From mathematics. Students are given the following problem:

In a single-elimination tennis tournament, 40 players are to play for the singles championship. Determine how many matches must be played.

Evaluation

  1. Evidence that the student understood the problem, demonstrated by depiction of the problem with a graph, table, chart, equation, etc. (3 points)
  2. Use of a method for solving the problem that had potential for yielding a correct solution—for example, systematic trial and error, empirical induction, elimination, working backward. (5 points)
  3. Arrival at a correct solution. (3 points)

The three components in the evaluation were assigned points according to the weight the teacher judged each to be worth in the context of the course of study and the purpose of the test. Teachers can give full credit for a correct answer even if all the work is not shown in the response, provided that they know that students can do the work in their heads. But it is important to guard against the halo effect. This occurs when a teacher knows which student wrote which response and alters the grading of the paper depending on her or his opinion of the student. The same response should receive the same score no matter who wrote it. Use of a detailed rubric, or scoring guide, in evaluation is a way to make scoring more objective and thus to avoid any halo effects. ,p>From social studies or literature. Students are asked to respond with a 100-word essay to the following item:

Compare and contrast the development of Inuit and Navajo tools on the basis of the climates in which these two peoples live.

Evaluation

  1. The response gives evidence of specific and accurate recall of the climates in which the Inuit and Navajos live (1 point) and of Inuit and Navajo tools. (1 point)
  2. The essay develops with continuity of thought and logic. (3 points)
  3. An accurate rationale is provided for the use of the various tools in the respective climates. (3 points)
  4. An analysis comparing and contrasting the similarities and differences between the two groups and their tool development is given. (8 points)
  5. The response concludes with a summary and closure. (1 point)

These two examples should suggest ways to evaluate items in other subject areas as well. Giving partial credit for much of the work students do certainly results in a more complete evaluation of student progress than does scoring the work as merely right or wrong. The examples show how to organize objective assessments for evaluating work that does not lend itself to the simple forms of multiple-choice, true–false, completion, and matching items.
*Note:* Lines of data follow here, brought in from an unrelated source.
(* probability that a single query of test i on element j says "relevant" *)
Definition bias {R : realType} d (T : orderType d) (m : nat) (s : 'I_m -> T)
  (a1 a2 : T -> R) (j : 'I_m) (i : nat) : R :=
  if i == 0%N then a1 (s j) else a2 (s j).

Definition weight {R : realType} (p1 p2 : R) (n m : nat) d (T : orderType d)
  (s : 'I_m -> T) (a1 a2 : T -> R) (w : Omega m (@eta R n).+1 (Kmax p1 p2 n)) : R :=
  \prod_(q : 'I_m * 'I_(@eta R n).+1 * 'I_(Kmax p1 p2 n))
     (if w q then bias d T m s a1 a2 q.1.1 q.1.2 else 1 - bias d T m s a1 a2 q.1.1 q.1.2).

Definition success_prob {R : realType} (p1 p2 : R) (n m : nat) d (T : orderType d)
  (s : 'I_m -> T) (a1 a2 : T -> R) : R :=
  \sum_(w : Omega m (@eta R n).+1 (Kmax p1 p2 n) | good_outcome p1 p2 n m d T s w)
     weight p1 p2 n m d T s a1 a2 w.

From Pilot Require Import Defs.
From HB Require Import structures.
From mathcomp Require Import all_boot all_order all_algebra.
From mathcomp Require Import reals exp sequences.
From mathcomp Require Import lra zify.
Import Order.TTheory GRing.Theory Num.Theory.
Set Implicit Arguments.
Unset Strict Implicit.
Unset Printing Implicit Defensive.
Local Open Scope ring_scope.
Points do not have to be used to evaluate components of the responses. In many situations, some kind of evaluative descriptors might be more meaningful. Evaluative descriptors are statements describing strong and weak features of a response to an item, a question, or a project. In the mathematics example a teacher’s evaluative descriptor for item a might read, “You have drawn an excellent chart showing that you understand the meaning of the problem, and that is very good, but it seems you were careless when you entered several important numbers in your chart.” Note that each of these examples are much like rubrics and can be generalized to broad ranges of topics. If teachers and students discuss these during instruction, students will have a device that helps them understand what they are working toward and both teachers and students have a common language that they can use during instruction and in their formative assessments.